• _WHAT IS REQUIRED_:
Restate, word for word, each record that follows.

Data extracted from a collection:

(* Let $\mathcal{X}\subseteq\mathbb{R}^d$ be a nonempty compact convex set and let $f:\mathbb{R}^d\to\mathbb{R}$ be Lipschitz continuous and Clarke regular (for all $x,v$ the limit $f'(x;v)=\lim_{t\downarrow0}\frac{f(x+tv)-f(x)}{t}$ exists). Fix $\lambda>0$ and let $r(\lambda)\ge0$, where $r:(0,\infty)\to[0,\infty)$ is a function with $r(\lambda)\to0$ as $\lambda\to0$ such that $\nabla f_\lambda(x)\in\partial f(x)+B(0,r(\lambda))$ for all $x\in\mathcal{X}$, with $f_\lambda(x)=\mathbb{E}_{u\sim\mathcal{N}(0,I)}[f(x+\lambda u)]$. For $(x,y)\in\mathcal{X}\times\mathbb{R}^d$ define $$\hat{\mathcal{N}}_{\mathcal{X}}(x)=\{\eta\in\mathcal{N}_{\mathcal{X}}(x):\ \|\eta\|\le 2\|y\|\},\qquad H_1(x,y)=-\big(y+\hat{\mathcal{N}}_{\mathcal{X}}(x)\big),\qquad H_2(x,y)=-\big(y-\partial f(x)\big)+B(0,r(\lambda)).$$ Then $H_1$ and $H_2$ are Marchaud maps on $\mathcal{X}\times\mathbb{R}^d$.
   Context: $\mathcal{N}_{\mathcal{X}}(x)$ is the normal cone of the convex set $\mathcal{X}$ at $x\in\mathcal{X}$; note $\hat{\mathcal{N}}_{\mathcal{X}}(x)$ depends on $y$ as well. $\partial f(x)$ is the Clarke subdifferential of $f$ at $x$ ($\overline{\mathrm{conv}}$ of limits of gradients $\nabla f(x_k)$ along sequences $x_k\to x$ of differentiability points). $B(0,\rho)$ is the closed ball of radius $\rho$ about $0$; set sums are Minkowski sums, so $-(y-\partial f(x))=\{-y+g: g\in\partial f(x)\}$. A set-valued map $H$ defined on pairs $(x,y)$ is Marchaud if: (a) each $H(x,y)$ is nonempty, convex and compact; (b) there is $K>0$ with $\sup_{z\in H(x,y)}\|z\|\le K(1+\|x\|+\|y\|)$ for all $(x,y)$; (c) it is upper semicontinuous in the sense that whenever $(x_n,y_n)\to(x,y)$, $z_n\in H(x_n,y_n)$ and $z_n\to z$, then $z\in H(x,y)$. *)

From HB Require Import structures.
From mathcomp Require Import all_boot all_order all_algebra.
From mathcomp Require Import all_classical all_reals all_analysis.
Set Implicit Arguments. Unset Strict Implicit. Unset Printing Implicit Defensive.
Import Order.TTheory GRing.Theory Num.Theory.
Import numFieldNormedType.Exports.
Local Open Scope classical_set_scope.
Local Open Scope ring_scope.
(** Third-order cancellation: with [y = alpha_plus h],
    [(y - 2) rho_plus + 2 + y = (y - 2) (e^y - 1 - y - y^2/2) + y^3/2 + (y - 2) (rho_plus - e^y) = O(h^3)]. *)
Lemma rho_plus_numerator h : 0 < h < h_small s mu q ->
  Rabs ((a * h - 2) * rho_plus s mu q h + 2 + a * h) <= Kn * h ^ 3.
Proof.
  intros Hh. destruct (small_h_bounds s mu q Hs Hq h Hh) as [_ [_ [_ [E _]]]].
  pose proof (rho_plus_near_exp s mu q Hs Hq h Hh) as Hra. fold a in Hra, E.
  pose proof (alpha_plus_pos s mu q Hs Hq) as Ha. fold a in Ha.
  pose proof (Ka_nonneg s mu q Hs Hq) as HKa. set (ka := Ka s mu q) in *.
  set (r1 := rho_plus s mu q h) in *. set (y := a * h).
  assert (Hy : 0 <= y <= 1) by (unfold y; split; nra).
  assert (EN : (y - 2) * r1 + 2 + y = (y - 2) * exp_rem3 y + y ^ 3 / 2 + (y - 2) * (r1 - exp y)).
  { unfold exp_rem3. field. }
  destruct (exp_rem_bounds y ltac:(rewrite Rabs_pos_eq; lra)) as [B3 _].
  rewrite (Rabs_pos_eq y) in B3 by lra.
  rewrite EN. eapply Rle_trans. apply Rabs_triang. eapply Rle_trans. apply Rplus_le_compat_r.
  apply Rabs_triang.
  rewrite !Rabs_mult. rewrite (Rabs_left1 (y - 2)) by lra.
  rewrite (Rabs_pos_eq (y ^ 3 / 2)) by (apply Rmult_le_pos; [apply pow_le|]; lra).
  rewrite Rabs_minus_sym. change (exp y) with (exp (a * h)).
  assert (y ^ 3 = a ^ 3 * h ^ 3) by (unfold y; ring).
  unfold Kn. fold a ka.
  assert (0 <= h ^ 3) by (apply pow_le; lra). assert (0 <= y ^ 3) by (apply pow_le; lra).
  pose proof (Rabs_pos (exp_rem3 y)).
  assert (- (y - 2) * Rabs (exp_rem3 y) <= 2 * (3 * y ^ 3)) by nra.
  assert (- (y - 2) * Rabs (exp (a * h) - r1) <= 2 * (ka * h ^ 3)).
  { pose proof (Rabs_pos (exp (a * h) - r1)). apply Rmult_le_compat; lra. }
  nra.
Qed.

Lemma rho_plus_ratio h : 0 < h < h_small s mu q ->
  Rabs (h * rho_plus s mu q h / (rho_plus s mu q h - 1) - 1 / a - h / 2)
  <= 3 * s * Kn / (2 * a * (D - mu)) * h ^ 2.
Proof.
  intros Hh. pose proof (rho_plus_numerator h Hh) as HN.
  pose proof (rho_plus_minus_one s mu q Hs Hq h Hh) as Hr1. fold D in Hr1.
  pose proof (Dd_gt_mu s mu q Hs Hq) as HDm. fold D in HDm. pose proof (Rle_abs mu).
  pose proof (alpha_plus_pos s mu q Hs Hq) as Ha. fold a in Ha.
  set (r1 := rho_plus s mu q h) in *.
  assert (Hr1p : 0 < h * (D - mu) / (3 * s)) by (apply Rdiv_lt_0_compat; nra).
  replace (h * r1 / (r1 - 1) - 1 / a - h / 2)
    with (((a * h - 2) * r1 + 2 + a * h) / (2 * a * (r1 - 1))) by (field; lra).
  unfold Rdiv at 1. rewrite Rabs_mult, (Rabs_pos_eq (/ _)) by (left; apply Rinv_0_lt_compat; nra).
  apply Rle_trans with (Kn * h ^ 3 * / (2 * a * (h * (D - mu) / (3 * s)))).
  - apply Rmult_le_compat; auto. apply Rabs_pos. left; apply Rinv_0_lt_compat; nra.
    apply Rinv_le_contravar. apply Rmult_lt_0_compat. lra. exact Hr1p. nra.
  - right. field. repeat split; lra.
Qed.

• _RESPONSE AREA_:
(* Let $\mathcal{X}\subseteq\mathbb{R}^d$ be a nonempty compact convex set and let $f:\mathbb{R}^d\to\mathbb{R}$ be Lipschitz continuous and Clarke regular (for all $x,v$ the limit $f'(x;v)=\lim_{t\downarrow0}\frac{f(x+tv)-f(x)}{t}$ exists). Fix $\lambda>0$ and let $r(\lambda)\ge0$, where $r:(0,\infty)\to[0,\infty)$ is a function with $r(\lambda)\to0$ as $\lambda\to0$ such that $\nabla f_\lambda(x)\in\partial f(x)+B(0,r(\lambda))$ for all $x\in\mathcal{X}$, with $f_\lambda(x)=\mathbb{E}_{u\sim\mathcal{N}(0,I)}[f(x+\lambda u)]$. For $(x,y)\in\mathcal{X}\times\mathbb{R}^d$ define $$\hat{\mathcal{N}}_{\mathcal{X}}(x)=\{\eta\in\mathcal{N}_{\mathcal{X}}(x):\ \|\eta\|\le 2\|y\|\},\qquad H_1(x,y)=-\big(y+\hat{\mathcal{N}}_{\mathcal{X}}(x)\big),\qquad H_2(x,y)=-\big(y-\partial f(x)\big)+B(0,r(\lambda)).$$ Then $H_1$ and $H_2$ are Marchaud maps on $\mathcal{X}\times\mathbb{R}^d$.
   Context: $\mathcal{N}_{\mathcal{X}}(x)$ is the normal cone of the convex set $\mathcal{X}$ at $x\in\mathcal{X}$; note $\hat{\mathcal{N}}_{\mathcal{X}}(x)$ depends on $y$ as well. $\partial f(x)$ is the Clarke subdifferential of $f$ at $x$ ($\overline{\mathrm{conv}}$ of limits of gradients $\nabla f(x_k)$ along sequences $x_k\to x$ of differentiability points). $B(0,\rho)$ is the closed ball of radius $\rho$ about $0$; set sums are Minkowski sums, so $-(y-\partial f(x))=\{-y+g: g\in\partial f(x)\}$. A set-valued map $H$ defined on pairs $(x,y)$ is Marchaud if: (a) each $H(x,y)$ is nonempty, convex and compact; (b) there is $K>0$ with $\sup_{z\in H(x,y)}\|z\|\le K(1+\|x\|+\|y\|)$ for all $(x,y)$; (c) it is upper semicontinuous in the sense that whenever $(x_n,y_n)\to(x,y)$, $z_n\in H(x_n,y_n)$ and $z_n\to z$, then $z\in H(x,y)$. *)

From HB Require Import structures.
From mathcomp Require Import all_boot all_order all_algebra.
From mathcomp Require Import all_classical all_reals all_analysis.
Set Implicit Arguments. Unset Strict Implicit. Unset Printing Implicit Defensive.
Import Order.TTheory GRing.Theory Num.Theory.
Import numFieldNormedType.Exports.
Local Open Scope classical_set_scope.
Local Open Scope ring_scope.
(** Third-order cancellation: with [y = alpha_plus h],
    [(y - 2) rho_plus + 2 + y = (y - 2) (e^y - 1 - y - y^2/2) + y^3/2 + (y - 2) (rho_plus - e^y) = O(h^3)]. *)
Lemma rho_plus_numerator h : 0 < h < h_small s mu q ->
  Rabs ((a * h - 2) * rho_plus s mu q h + 2 + a * h) <= Kn * h ^ 3.
Proof.
  intros Hh. destruct (small_h_bounds s mu q Hs Hq h Hh) as [_ [_ [_ [E _]]]].
  pose proof (rho_plus_near_exp s mu q Hs Hq h Hh) as Hra. fold a in Hra, E.
  pose proof (alpha_plus_pos s mu q Hs Hq) as Ha. fold a in Ha.
  pose proof (Ka_nonneg s mu q Hs Hq) as HKa. set (ka := Ka s mu q) in *.
  set (r1 := rho_plus s mu q h) in *. set (y := a * h).
  assert (Hy : 0 <= y <= 1) by (unfold y; split; nra).
  assert (EN : (y - 2) * r1 + 2 + y = (y - 2) * exp_rem3 y + y ^ 3 / 2 + (y - 2) * (r1 - exp y)).
  { unfold exp_rem3. field. }
  destruct (exp_rem_bounds y ltac:(rewrite Rabs_pos_eq; lra)) as [B3 _].
  rewrite (Rabs_pos_eq y) in B3 by lra.
  rewrite EN. eapply Rle_trans. apply Rabs_triang. eapply Rle_trans. apply Rplus_le_compat_r.
  apply Rabs_triang.
  rewrite !Rabs_mult. rewrite (Rabs_left1 (y - 2)) by lra.
  rewrite (Rabs_pos_eq (y ^ 3 / 2)) by (apply Rmult_le_pos; [apply pow_le|]; lra).
  rewrite Rabs_minus_sym. change (exp y) with (exp (a * h)).
  assert (y ^ 3 = a ^ 3 * h ^ 3) by (unfold y; ring).
  unfold Kn. fold a ka.
  assert (0 <= h ^ 3) by (apply pow_le; lra). assert (0 <= y ^ 3) by (apply pow_le; lra).
  pose proof (Rabs_pos (exp_rem3 y)).
  assert (- (y - 2) * Rabs (exp_rem3 y) <= 2 * (3 * y ^ 3)) by nra.
  assert (- (y - 2) * Rabs (exp (a * h) - r1) <= 2 * (ka * h ^ 3)).
  { pose proof (Rabs_pos (exp (a * h) - r1)). apply Rmult_le_compat; lra. }
  nra.
Qed.

Lemma rho_plus_ratio h : 0 < h < h_small s mu q ->
  Rabs (h * rho_plus s mu q h / (rho_plus s mu q h - 1) - 1 / a - h / 2)
  <= 3 * s * Kn / (2 * a * (D - mu)) * h ^ 2.
Proof.
  intros Hh. pose proof (rho_plus_numerator h Hh) as HN.
  pose proof (rho_plus_minus_one s mu q Hs Hq h Hh) as Hr1. fold D in Hr1.
  pose proof (Dd_gt_mu s mu q Hs Hq) as HDm. fold D in HDm. pose proof (Rle_abs mu).
  pose proof (alpha_plus_pos s mu q Hs Hq) as Ha. fold a in Ha.
  set (r1 := rho_plus s mu q h) in *.
  assert (Hr1p : 0 < h * (D - mu) / (3 * s)) by (apply Rdiv_lt_0_compat; nra).
  replace (h * r1 / (r1 - 1) - 1 / a - h / 2)
    with (((a * h - 2) * r1 + 2 + a * h) / (2 * a * (r1 - 1))) by (field; lra).
  unfold Rdiv at 1. rewrite Rabs_mult, (Rabs_pos_eq (/ _)) by (left; apply Rinv_0_lt_compat; nra).
  apply Rle_trans with (Kn * h ^ 3 * / (2 * a * (h * (D - mu) / (3 * s)))).
  - apply Rmult_le_compat; auto. apply Rabs_pos. left; apply Rinv_0_lt_compat; nra.
    apply Rinv_le_contravar. apply Rmult_lt_0_compat. lra. exact Hr1p. nra.
  - right. field. repeat split; lra.
Qed.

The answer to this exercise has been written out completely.